--- EXERCISE MATERIALS Enclosed Below ---

(* Let $S\subseteq\mathcal S_d$ be nonempty, $[d]$ partitioned into groups $G_1,\dots,G_g$, $\bar\alpha,\bar\beta\in[0,1]^g$, $k\in[d]$, and assume the set $\mathcal F$ of $(\bar\alpha,\bar\beta)$-$k$-fair rankings in $\mathcal S_d$ is nonempty. Let $\tau$ be an $(\bar\alpha,\bar\beta)$-$k$-fair top-$k$ ranking minimizing $2\sum_{\pi\in S}\sum_{i\in D_\tau}(\pi(i)-\tau(i))\mathbb{1}[\tau(i)<\pi(i)]$, and let $\sigma\in\mathcal S_d$ be a ranking with $\sigma(a)=\tau(a)$ for all $a\in D_\tau$ minimizing $2\sum_{\pi\in S}\sum_{i\in[d]}(\pi(i)-\sigma(i))\mathbb{1}[\sigma(i)<\pi(i)]$ among such extensions. Then $\sigma\in\mathcal F$ and $\sum_{\pi\in S}\kappa(\pi,\sigma)\le 4\min_{\sigma'\in\mathcal F}\sum_{\pi\in S}\kappa(\pi,\sigma')$.
   Context: $\mathcal{S}_d$ is the set of rankings of $[d]$, $\pi(a)$ the rank of $a$. A top-$k$ ranking is a bijection $\tau:D_\tau\to[k]$, $D_\tau\subseteq[d]$. A full or top-$k$ ranking is $(\bar\alpha,\bar\beta)$-$k$-fair if for every $i\in[g]$ its top $k$ positions contain at least $\lfloor\alpha_i k\rfloor$ and at most $\lceil\beta_i k\rceil$ members of $G_i$. $\kappa(\pi,\sigma)$ is the Kendall-tau distance: the number of unordered pairs $\{a,b\}$ ordered differently by $\pi$ and $\sigma$. $\mathbb{1}[\cdot]$ is the indicator function. *)

From mathcomp Require Import all_boot all_order all_algebra all_fingroup.
From mathcomp Require Import reals.
Set Implicit Arguments. Unset Strict Implicit. Unset Printing Implicit Defensive.
Import Order.TTheory GRing.Theory Num.Theory.
Local Open Scope ring_scope.

(* Rankings of [d] = {perm 'I_d}; pi a (as a nat) is the rank of a,
   ranks are 0-based: position p of the paper is p.-1 here. *)

Definition fair_count (R : realType) (k c : nat) (a b : R) : bool :=
  (Num.floor (a * k%:R) <= c%:Z) && (c%:Z <= Num.ceil (b * k%:R)).

Definition fair_rank (R : realType) (d g k : nat) (grp : 'I_d -> 'I_g)
  (alpha beta : 'I_g -> R) (pi : {perm 'I_d}) : bool :=
  [forall i : 'I_g,
     fair_count k #|[set a : 'I_d | (grp a == i) && (pi a < k)%N]| (alpha i) (beta i)].

(* A top-k ranking tau : D_tau -> [k] is represented by its inverse
   pos : 'I_k -> 'I_d, injective, pos j = the element of rank j;
   D_tau = image of pos, and tau (pos j) = j. *)
Definition topk (d k : nat) (pos : 'I_k -> 'I_d) : Prop := injective pos.

Definition fair_topk (R : realType) (d g k : nat) (grp : 'I_d -> 'I_g)
  (alpha beta : 'I_g -> R) (pos : 'I_k -> 'I_d) : bool :=
  [forall i : 'I_g,
     fair_count k #|[set j : 'I_k | grp (pos j) == i]| (alpha i) (beta i)].

Definition cost_topk (d k : nat) (S : {set {perm 'I_d}}) (pos : 'I_k -> 'I_d) : nat :=
  (2 * \sum_(pi in S) \sum_(j : 'I_k)
      ((pi (pos j) - j) * (j < pi (pos j))))%N.

Definition cost_full (d : nat) (S : {set {perm 'I_d}}) (sigma : {perm 'I_d}) : nat :=
  (2 * \sum_(pi in S) \sum_(i : 'I_d)
      ((pi i - sigma i) * (sigma i < pi i)))%N.

Definition extends (d k : nat) (pos : 'I_k -> 'I_d) (sigma : {perm 'I_d}) : bool :=
  [forall j : 'I_k, (sigma (pos j) : nat) == (j : nat)].

Definition kendall (d : nat) (pi sigma : {perm 'I_d}) : nat :=
  #|[set p : 'I_d * 'I_d | (p.1 < p.2)%N &&
       ((pi p.1 < pi p.2)%N != (sigma p.1 < sigma p.2)%N)]|.

Definition kcost (d : nat) (S : {set {perm 'I_d}}) (sigma : {perm 'I_d}) : nat :=
  (\sum_(pi in S) kendall pi sigma)%N.

From mathcomp Require Import all_boot all_order all_algebra all_fingroup.
From mathcomp Require Import reals.
From mathcomp Require Import zify.
Import Order.TTheory GRing.Theory Num.Theory.
Set Implicit Arguments. Unset Strict Implicit. Unset Printing Implicit Defensive.

(* Write P(pi, s) = sum_i (pi(i) - s(i))^+ for the displacement of s against pi;
   the costs minimized by tau and by sigma are 2 sum_S P restricted to the top k,
   resp. 2 sum_S P.  Counting inversions element by element gives
   P <= kendall <= 2 P.  Fairness of a full ranking depends only on its top k, so
   sigma is fair and the top k of any fair s is a fair top-k ranking, whence
   P_top(sigma) <= P_top(s).  Keeping the top k of sigma and ordering the other
   elements as s does yields an extension r of tau with
   P(r) <= P_top(sigma) + P(s) <= 2 P(s).  Hence
   kendall(sigma) <= 2 P(sigma) <= 2 P(r) <= 4 P(s) <= 4 kendall(s). *)

Lemma sum_ord_interval (d a b : nat) :
  \sum_(t < d) (a <= t < b : nat) = minn b d - a.
Proof.
elim: d => [|d IH]; first by rewrite big_ord0 minn0.
by rewrite big_ord_recr /= IH; case: (leqP b d) => hb; case: (leqP a d) => ha /=; lia.
Qed.

Lemma subn_mul_ltn (a b : nat) : (a - b) * (b < a) = a - b.
Proof. by case: ltnP => h; rewrite ?muln1 // muln0; apply/esym/eqP; rewrite subn_eq0. Qed.

Lemma leq_nat_of_bool (b c : bool) : (b -> c) -> (b : nat) <= c.
Proof. by case: b; case: c => // ->. Qed.

Lemma card_set_sum (T : finType) (P : pred T) : #|[set x | P x]| = \sum_x (P x : nat).
Proof. by rewrite -sum1dep_card big_mkcond; apply: eq_bigr => x _; case: (P x). Qed.

Lemma card_set_pairs_sum (T : finType) (P : T -> T -> bool) :
  #|[set p : T * T | P p.1 p.2]| = \sum_x \sum_y (P x y : nat).
Proof. by rewrite card_set_sum pair_big. Qed.

Lemma sum_nat_eq1 (T : finType) (a : T) : \sum_x (x == a : nat) = 1.
Proof. by rewrite (bigD1 a) //= eqxx big1 // => b /negbTE ->. Qed.

Section PermCounting.
Variables (d : nat) (s : {perm 'I_d}).

Lemma sum_perm_ltn n : n <= d -> \sum_b (s b < n : nat) = n.
Proof.
move=> hn; rewrite (reindex_inj (@perm_inj _ s^-1)) /=.
transitivity (\sum_(t < d) (0 <= t < n : nat)).
  by apply: eq_bigr => b _; rewrite permKV.
by rewrite sum_ord_interval (minn_idPl hn) subn0.
Qed.

Lemma eqn_perm x y : (s x == s y :> nat) = (x == y :> nat).
Proof. by rewrite !val_eqE (inj_eq perm_inj). Qed.

End PermCounting.

Section KendallDisplacement.
Variables (d : nat) (pi s : {perm 'I_d}).

Definition inv_after x := \sum_y ((s x < s y) && (pi y < pi x) : nat).
Definition inv_before x := \sum_y ((s y < s x) && (pi x < pi y) : nat).

(* Positive parts of the displacements, by truncated subtraction. *)
Definition displacement := \sum_i (pi i - s i).

Lemma eqn_perms x y : (pi x == pi y :> nat) = (s x == s y :> nat).
Proof. by rewrite !eqn_perm. Qed.

(* Both sides count the elements ranked before [x] by [pi] or by [s]. *)
Lemma inv_balance x : pi x + inv_before x = s x + inv_after x.
Proof.
rewrite -{1}(sum_perm_ltn pi (ltnW (ltn_ord (pi x)))).
rewrite -{1}(sum_perm_ltn s (ltnW (ltn_ord (s x)))).
rewrite /inv_before /inv_after -!big_split /=; apply: eq_bigr => y _.
move: (eqn_perms y x).
by case: (ltngtP (pi y) (pi x)); case: (ltngtP (s y) (s x)).
Qed.

Lemma kendall_inv_after : kendall pi s = \sum_x inv_after x.
Proof.
rewrite /kendall (card_set_pairs_sum
  (fun x y : 'I_d => (x < y) && ((pi x < pi y) != (s x < s y)))).
transitivity (\sum_(x : 'I_d) \sum_(y : 'I_d)
    ((x < y) && ((s x < s y) && (pi y < pi x)) : nat)
  + \sum_(x : 'I_d) \sum_(y : 'I_d) ((x < y) && ((s y < s x) && (pi x < pi y)) : nat)).
  rewrite -big_split; apply: eq_bigr => x _; rewrite -big_split; apply: eq_bigr => y _ /=.
  move: (eqn_perms x y) (eqn_perm s x y).
  by case: (ltngtP x y); case: (ltngtP (pi x) (pi y)); case: (ltngtP (s x) (s y)).
rewrite [X in _ + X]exchange_big -big_split; apply: eq_bigr => x _.
rewrite -big_split; apply: eq_bigr => y _ /=; move: (eqn_perm s x y).
by case: (ltngtP x y); case: (ltngtP (s x) (s y)); case: (pi y < pi x).
Qed.

Lemma displacement_le_kendall : displacement <= kendall pi s.
Proof.
rewrite kendall_inv_after; apply: leq_sum => x _.
by have := inv_balance x; lia.
Qed.

End KendallDisplacement.

Definition crossing d (pi s : {perm 'I_d}) t := \sum_y (s y <= t < pi y : nat).

Lemma crossing_sym d (pi s : {perm 'I_d}) t : t < d -> crossing s pi t = crossing pi s t.
Proof.
move=> td; apply/eqP; rewrite -(eqn_add2l t.+1); apply/eqP.
rewrite -{1}(sum_perm_ltn s td) -{2}(sum_perm_ltn pi td) /crossing -!big_split /=.
by apply: eq_bigr => y _; rewrite !ltnS; case: (leqP (pi y) t); case: (leqP (s y) t).
Qed.

Lemma sum_crossing d (pi s : {perm 'I_d}) : \sum_(t < d) crossing pi s t = displacement pi s.
Proof.
rewrite /crossing exchange_big; apply: eq_bigr => y _.
by rewrite sum_ord_interval (minn_idPl (ltnW (ltn_ord _))).
Qed.

Lemma inv_after_le_crossing d (pi s : {perm 'I_d}) x :
  inv_after pi s x <= (pi x - s x) + crossing pi s (pi x).
Proof.
have := inv_balance pi s x; case: (ltnP (s x) (pi x)) => hx.
  suff : inv_before pi s x <= crossing pi s (pi x) by lia.
  apply: leq_sum => y _; apply: leq_nat_of_bool => /andP [hs hpi].
  by rewrite hpi andbT ltnW // (ltn_trans hs).
rewrite -crossing_sym // (_ : pi x - s x = 0); last by apply/eqP; rewrite subn_eq0.
move=> _; apply: leq_sum => y _; apply: leq_nat_of_bool => /andP [hs hpi].
by rewrite ltnW //= (leq_ltn_trans hx).
Qed.

Lemma kendall_le_displacement d (pi s : {perm 'I_d}) :
  kendall pi s <= 2 * displacement pi s.
Proof.
rewrite kendall_inv_after mul2n -addnn -{2}(sum_crossing pi s).
rewrite [X in _ <= _ + X](reindex_inj (@perm_inj _ pi)) /= -big_split /=.
by apply: leq_sum => x _; exact: inv_after_le_crossing.
Qed.

Definition top_displacement d k (pi s : {perm 'I_d}) := \sum_(i | s i < k) (pi i - s i).

Lemma top_displacement_le d k (pi s : {perm 'I_d}) :
  top_displacement k pi s <= displacement pi s.
Proof. by rewrite /displacement (bigID (fun i => s i < k)) leq_addr. Qed.

Lemma cost_fullE d (S : {set {perm 'I_d}}) s :
  cost_full S s = 2 * \sum_(pi in S) displacement pi s.
Proof.
by congr (2 * _); apply: eq_bigr => pi _; apply: eq_bigr => i _; rewrite subn_mul_ltn.
Qed.

Lemma extendsP d k (pos : 'I_k -> 'I_d) (s : {perm 'I_d}) :
  reflect (forall j, s (pos j) = j :> nat) (extends pos s).
Proof. by apply: (iffP forallP) => h j; apply/eqP. Qed.

Section Extends.
Variables (d k : nat) (pos : 'I_k -> 'I_d) (s : {perm 'I_d}).
Hypothesis pos_s : extends pos s.

Lemma extends_rank j : s (pos j) = j :> nat.
Proof. exact: (elimT (extendsP _ _) pos_s). Qed.

Lemma extends_topk : topk pos.
Proof. by move=> j j' e; apply: ord_inj; rewrite -extends_rank e extends_rank. Qed.

Lemma sum_extends (F : 'I_d -> nat) : \sum_j F (pos j) = \sum_(i | s i < k) F i.
Proof.
rewrite -(big_imset _ (in2W extends_topk)) /=.
apply: eq_bigl => i; apply/imsetP/idP => [[j _ ->]|hi].
  by rewrite extends_rank.
exists (Ordinal hi) => //; apply: (@perm_inj _ s); apply: ord_inj.
by rewrite extends_rank.
Qed.

Lemma fair_topk_extends (R : realType) g grp (alpha beta : 'I_g -> R) :
  fair_topk grp alpha beta pos = fair_rank k grp alpha beta s.
Proof.
apply: eq_forallb => i; congr (fair_count _ _ _ _).
rewrite !card_set_sum (sum_extends (fun a => (grp a == i : nat))) big_mkcond.
by apply: eq_bigr => a _; case: (s a < k); rewrite ?andbT ?andbF.
Qed.

Lemma cost_topk_extends (S : {set {perm 'I_d}}) :
  cost_topk S pos = 2 * \sum_(pi in S) top_displacement k pi s.
Proof.
congr (2 * _); apply: eq_bigr => pi _.
rewrite /top_displacement -(sum_extends (fun i => pi i - s i)); apply: eq_bigr => j _.
by rewrite subn_mul_ltn extends_rank.
Qed.

End Extends.

Definition perm_prefix d k (kd : k <= d) (s : {perm 'I_d}) (j : 'I_k) :=
  (s^-1)%g (widen_ord kd j).

Lemma extends_perm_prefix d k (kd : k <= d) s : extends (perm_prefix kd s) s.
Proof. by apply/extendsP => j; rewrite /perm_prefix permKV. Qed.

Section MergeTop.
Variables (d k : nat) (s t : {perm 'I_d}).
Hypothesis kd : k <= d.

Definition bottom_rank a := \sum_b ((k <= s b) && (t b < t a) : nat).

Lemma sum_bottom : \sum_b (k <= s b : nat) = d - k.
Proof.
rewrite -[in RHS](sum_perm_ltn s kd) -[X in X - _](sum_perm_ltn s (leqnn d)).
rewrite -sumnB => [|b _]; last by case: (s b < k); rewrite ?ltn_ord.
by apply: eq_bigr => b _; rewrite ltn_ord; case: ltnP.
Qed.

Lemma bottom_rank_lt a : k <= s a -> bottom_rank a < d - k.
Proof.
move=> ha; rewrite -sum_bottom -addn1 -(sum_nat_eq1 a) -big_split /=.
apply: leq_sum => b _; case: (eqVneq b a) => [->|_]; first by rewrite ltnn andbF ha.
by rewrite addn0; apply: leq_nat_of_bool => /andP [].
Qed.

Lemma bottom_rank_mono a a' : k <= s a -> t a < t a' -> bottom_rank a < bottom_rank a'.
Proof.
move=> ha lt_aa'; rewrite -addn1 -(sum_nat_eq1 a) -big_split /=.
apply: leq_sum => b _; case: (eqVneq b a) => [->|_]; first by rewrite ltnn andbF ha lt_aa'.
rewrite addn0; apply: leq_nat_of_bool => /andP [-> /= lt_ba].
exact: ltn_trans lt_ba lt_aa'.
Qed.

Lemma leq_rank_bottom_rank a : t a <= k + bottom_rank a.
Proof.
rewrite -{1}(sum_perm_ltn t (ltnW (ltn_ord (t a)))) -{1}(sum_perm_ltn s kd) -big_split /=.
by apply: leq_sum => b _; case: (ltnP (s b) k) => //= _; case: (t b < t a).
Qed.

Definition merge_rank a : nat := if s a < k then nat_of_ord (s a) else k + bottom_rank a.

Lemma merge_rank_lt a : merge_rank a < d.
Proof.
rewrite /merge_rank; case: ifPn => [_|]; first exact: ltn_ord.
by rewrite -leqNgt => /bottom_rank_lt; lia.
Qed.

Lemma merge_rank_inj : injective (fun a => Ordinal (merge_rank_lt a)).
Proof.
move=> a a' /(congr1 val) /=; rewrite /merge_rank.
case: ifPn => ha; case: ifPn => ha'; rewrite -?leqNgt in ha ha'; try lia.
  by move=> e; apply: (@perm_inj _ s); apply: ord_inj.
move=> /addnI e; case: (ltngtP (t a) (t a')) => [lt|lt|/val_inj/perm_inj //].
  by have := bottom_rank_mono ha lt; rewrite e ltnn.
by have := bottom_rank_mono ha' lt; rewrite e ltnn.
Qed.

(* Keeps the top [k] of [s] and ranks the remaining elements in the order of [t]. *)
Definition merge_top : {perm 'I_d} := perm merge_rank_inj.

Lemma merge_top_top a : s a < k -> merge_top a = s a :> nat.
Proof. by rewrite permE /= /merge_rank => ->. Qed.

Lemma merge_top_bottom a : k <= s a -> t a <= merge_top a.
Proof. by rewrite permE /= /merge_rank ltnNge => ->; exact: leq_rank_bottom_rank. Qed.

--- End of Enclosed EXERCISE MATERIALS ---

Show each line of the material above where "last" occurs.

rewrite -crossing_sym // (_ : pi x - s x = 0); last by apply/eqP; rewrite subn_eq0.
rewrite -sumnB => [|b _]; last by case: (s b < k); rewrite ?ltn_ord.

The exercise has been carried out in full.